“You’d look well.”
“You say that now, but just wait until—”
The clump of leather hitting the floor, one and then another. A sigh, followed by a wincing exploration of sore places, blisters.
“Anyway, we’re stuck here for hours. We know that much. I’m not keeping them on all that blessed time.”
—
Time passes slowly in confinement. Low conversations, card games, the drifting in and out of sleep; sunlight from a missing slate shafts across the floor, and softens, and goes blue.
He must have been sleeping, because there’s a sweep of night air across his face and a slice of starlight that narrows, shrinks and disappears, and he shuffles up on to elbows. He blinks into the dark. Suzanne’s already up beside him, properly awake.
“Is it—?”
“Hush,” she says. “I’m listening.”
The darkness seems fuller, more crowded. There’s a whiff of tobacco smoke, and then he spots the red coal of a cigarette and hears the voices speaking low, in the rolling wet accent of the region.
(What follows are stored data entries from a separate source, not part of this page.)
(* Let $F$ be any field, $N\in\mathbb{N}$, and $p,p'\in\mathbb{N}$ with $p+p'\le N+1$. Let $r\in\mathbb{N}$ satisfy $r+1\le p$ and $r+1\le p'$. Let $x\in F^{N+1}$. Then $\operatorname{rank}(H_{p,p'-1}(x))\le r$ if and only if $\operatorname{rank}(H_{p-1,p'}(x))\le r$.
   Context: $\mathbb{N}=\{0,1,2,\ldots\}$. For $N\in\mathbb{N}$, $x=(x_0,\ldots,x_N)\in F^{N+1}$ and integers $s,t\ge -1$ with $s+t\le N$, the Hankel matrix $H_{s,t}(x)$ is the $(s+1)\times(t+1)$ matrix $(x_{i+j})_{0\le i\le s,\,0\le j\le t}$. *)

From HB Require Import structures.
From mathcomp Require Import all_boot all_order all_algebra.
Set Implicit Arguments. Unset Strict Implicit. Unset Printing Implicit Defensive.
Import GRing.Theory.
Local Open Scope ring_scope.

(* Hankel matrix H_{s,t}(x) = (x_{i+j})_{0<=i<=s, 0<=j<=t}, an
   (s+1) x (t+1) matrix; meaningful when s + t <= N (otherwise indices
   beyond N are clamped by inord, but we only use it with s + t <= N). *)
Definition hankel (F : fieldType) (N : nat) (s t : nat) (x : 'rV[F]_N.+1)
  : 'M[F]_(s.+1, t.+1) :=
  \matrix_(i < s.+1, j < t.+1) x ord0 (inord (i + j)).

From mathcomp Require Import all_boot all_order all_algebra.
From mathcomp Require Import zify.

(* For a sequence f, write H_f(s,t) for the (s+1) x (t+1) matrix (f (i+j)).
   The core fact (rank_hankel_shift) is: if H_f(s,t+1) has a nonzero left
   kernel K, i.e. rank H_f(s,t+1) < s+1, then
   rank H_f(s+1,t) <= rank H_f(s,t+1).
   Each row u of K gives two left-kernel vectors of H_f(s+1,t): u padded with
   a trailing zero and u padded with a leading zero, because deleting the last
   (resp. first) row of H_f(s+1,t) yields the first (resp. last) t+1 columns
   of H_f(s,t+1).  Padding is injective, and the leading-zero copies are not
   all in the span of the trailing-zero copies (look at the last nonzero
   column of K), so the left kernel of H_f(s+1,t) has dimension > dim K, which
   is exactly the rank inequality.  Applying the fact to the matrix and to its
   transpose (transposing a Hankel matrix swaps s and t) gives both directions
   of lemma9. *)

Set Implicit Arguments.
Unset Strict Implicit.
Unset Printing Implicit Defensive.

Import GRing.Theory.
Local Open Scope ring_scope.

Section HankelRank.
Variable F : fieldType.

Definition pad_end n : 'M[F]_(n.+1, n.+2) :=
  \matrix_(i, j) ((i : nat) == j)%:R.
Definition pad_front n : 'M[F]_(n.+1, n.+2) :=
  \matrix_(i, j) ((i.+1 : nat) == j)%:R.

Lemma pad_end_mul n p (A : 'M[F]_(n.+2, p)) :
  pad_end n *m A = \matrix_(i, j) A (widen_ord (leqnSn _) i) j.
Proof.
apply/matrixP => i j.
rewrite !mxE (bigD1 (widen_ord (leqnSn _) i)) //= mxE eqxx mul1r.
rewrite big1 ?addr0 // => k ki; rewrite mxE.
case: eqP => [ik|]; last by rewrite mul0r.
by case/eqP: ki; apply: val_inj; rewrite /= ik.
Qed.

Lemma pad_front_mul n p (A : 'M[F]_(n.+2, p)) :
  pad_front n *m A = \matrix_(i, j) A (lift ord0 i) j.
Proof.
apply/matrixP => i j; rewrite !mxE (bigD1 (lift ord0 i)) //= mxE eqxx mul1r.
rewrite big1 ?addr0 // => k ki; rewrite mxE.
case: eqP => [ik|]; last by rewrite mul0r.
by case/eqP: ki; apply: val_inj; rewrite /= -ik.
Qed.

(* pad_end is left invertible, so padding does not decrease rank. *)
Lemma pad_end_tr n : pad_end n *m (pad_end n)^T = 1%:M.
Proof. by apply/matrixP => i j; rewrite pad_end_mul !mxE eq_sym. Qed.

Lemma mul_pad_end m n (A : 'M[F]_(m, n.+1)) i j :
  (A *m pad_end n) i j = \sum_(k < n.+1 | (k : nat) == j) A i k.
Proof.
rewrite mxE [RHS]big_mkcond; apply: eq_bigr => k _.
by rewrite mxE; case: (_ == _); rewrite ?mulr1 ?mulr0.
Qed.

Lemma mul_pad_front m n (A : 'M[F]_(m, n.+1)) i j :
  (A *m pad_front n) i j = \sum_(k < n.+1 | (k.+1 : nat) == j) A i k.
Proof.
rewrite mxE [RHS]big_mkcond; apply: eq_bigr => k _.
by rewrite mxE; case: (_ == _); rewrite ?mulr1 ?mulr0.
Qed.

(* For K != 0, the front-padded rows of K are not in the span of the
   end-padded rows: if d is the last nonzero column of K, every end-padded
   row vanishes at coordinate d+1 while some front-padded row does not. *)
Lemma pad_front_notin_pad_end m n (K : 'M[F]_(m, n.+1)) :
  K != 0 -> ~~ (K *m pad_front n <= K *m pad_end n)%MS.
Proof.
case/matrix0Pn => i0 [j0 nz0].
pose nzcol j := [exists i, K i j != 0].
have nzcol_j0 : nzcol j0 by apply/existsP; exists i0.
have [d /existsP[i nzd] dmax] :=
  arg_maxnP (fun j : 'I_n.+1 => j : nat) nzcol_j0.
have zero_beyond (k : 'I_n.+1) : (d < k)%N -> K^~ k =1 (fun=> 0).
  move=> dk l; apply/eqP; apply: contraTT dk => nz.
  by rewrite -leqNgt; apply: dmax; apply/existsP; exists l.
apply/negP => /submxP[D /matrixP/(_ i (lift ord0 d))].
rewrite mul_pad_front (big_pred1 d) => [|k]; last by rewrite /= eqSS.
rewrite mxE big1 => [|l _]; first by move/eqP; rewrite (negbTE nzd).
rewrite mul_pad_end big1 ?mulr0 // => k /eqP kd.
by apply: zero_beyond; rewrite kd /=.
Qed.

Definition hankel_of (f : nat -> F) s t : 'M[F]_(s.+1, t.+1) :=
  \matrix_(i < s.+1, j < t.+1) f (i + j)%N.

Lemma hankel_of_tr f s t : (hankel_of f s t)^T = hankel_of f t s.
Proof. by apply/matrixP => i j; rewrite !mxE addnC. Qed.

Lemma pad_end_hankel f s t : pad_end s *m hankel_of f s.+1 t = hankel_of f s t.
Proof. by apply/matrixP => i j; rewrite pad_end_mul !mxE. Qed.

Lemma pad_front_hankel f s t :
  pad_front s *m hankel_of f s.+1 t = hankel_of (fun k => f k.+1) s t.
Proof. by apply/matrixP => i j; rewrite pad_front_mul !mxE. Qed.

Lemma hankel_pad_end f s t :
  hankel_of f s t.+1 *m (pad_end t)^T = hankel_of f s t.
Proof.
by rewrite -[LHS]trmxK trmx_mul trmxK hankel_of_tr pad_end_hankel hankel_of_tr.
Qed.

Lemma hankel_pad_front f s t :
  hankel_of f s t.+1 *m (pad_front t)^T = hankel_of (fun k => f k.+1) s t.
Proof.
rewrite -[LHS]trmxK trmx_mul trmxK hankel_of_tr.
by rewrite pad_front_hankel hankel_of_tr.
Qed.

Lemma rank_hankel_shift f s t :
  (\rank (hankel_of f s t.+1) < s.+1)%N ->
  (\rank (hankel_of f s.+1 t) <= \rank (hankel_of f s t.+1))%N.
Proof.
set H1 := hankel_of f s t.+1; set H2 := hankel_of f s.+1 t => rH1.
pose K := kermx H1.
have K0 : K *m pad_end s *m H2 = 0.
  by rewrite -mulmxA pad_end_hankel -hankel_pad_end mulmxA mulmx_ker mul0mx.
have K1 : K *m pad_front s *m H2 = 0.
  by rewrite -mulmxA pad_front_hankel -hankel_pad_front mulmxA mulmx_ker mul0mx.
have Knz : K != 0 by rewrite -mxrank_eq0 mxrank_ker subn_eq0 -ltnNge.
have sub_ker : (K *m pad_end s + K *m pad_front s <= kermx H2)%MS.
  by rewrite addsmx_sub !sub_kermx K0 K1 eqxx.
have lt_sum : (K *m pad_end s < K *m pad_end s + K *m pad_front s)%MS.
  rewrite ltmxE addsmxSl /=.
  apply/negP => /(submx_trans (addsmxSr _ _)); apply/negP.
  exact: pad_front_notin_pad_end.
have rK : (\rank K <= \rank (K *m pad_end s))%N.
  by rewrite -{1}[K]mulmx1 -pad_end_tr mulmxA mxrankM_maxl.
have := leq_trans (rank_ltmx lt_sum) (mxrankS sub_ker).
move: rK; rewrite !mxrank_ker; have := rank_leq_row H2; lia.
Qed.

Lemma rank_hankel_of_tr (f : nat -> F) s t :
  \rank (hankel_of f s t) = \rank (hankel_of f t s).
Proof. by rewrite -mxrank_tr hankel_of_tr. Qed.

End HankelRank.

Lemma hankelE (F : fieldType) (N s t : nat) (x : 'rV[F]_N.+1) :
  hankel s t x = hankel_of (fun k => x ord0 (inord k)) s t.
Proof. by []. Qed.

Theorem lemma9 (F : fieldType) (N p p' r : nat) (x : 'rV[F]_N.+1) :
  (p + p' <= N + 1)%N -> (r + 1 <= p)%N -> (r + 1 <= p')%N ->
  ((\rank (hankel p (p' - 1) x) <= r)%N <->
   (\rank (hankel (p - 1) p' x) <= r)%N).
Proof.
move=> _ hp hp'.
case: p hp => [|a] hp; first by rewrite addn1 in hp.
case: p' hp' => [|b] hp'; first by rewrite addn1 in hp'.
have ra : (r < a.+1)%N by rewrite -addn1.
have rb : (r < b.+1)%N by rewrite -addn1.
rewrite !subn1 /= !hankelE; split => h.
- rewrite rank_hankel_of_tr; rewrite rank_hankel_of_tr in h.
  exact: leq_trans (rank_hankel_shift (leq_ltn_trans h rb)) h.
- exact: leq_trans (rank_hankel_shift (leq_ltn_trans h ra)) h.
Qed.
A match flares and for a moment there’s a devil’s mask, heavy-browed and creased, and the light grows and is touched into a lantern, and it glows on other faces too. These are the passeurs. They are nameless. They belong to this place like the local stone.
The lantern draws them from the dark — the girls, one of them limping and barefoot; her friends supporting her, their faces white; the old man, hunched and peering, scratching his groin; the young men approaching too, though wary as rabbits. Suzanne gets up, and he struggles to his feet, and they make their way towards the lamp, lame with wear.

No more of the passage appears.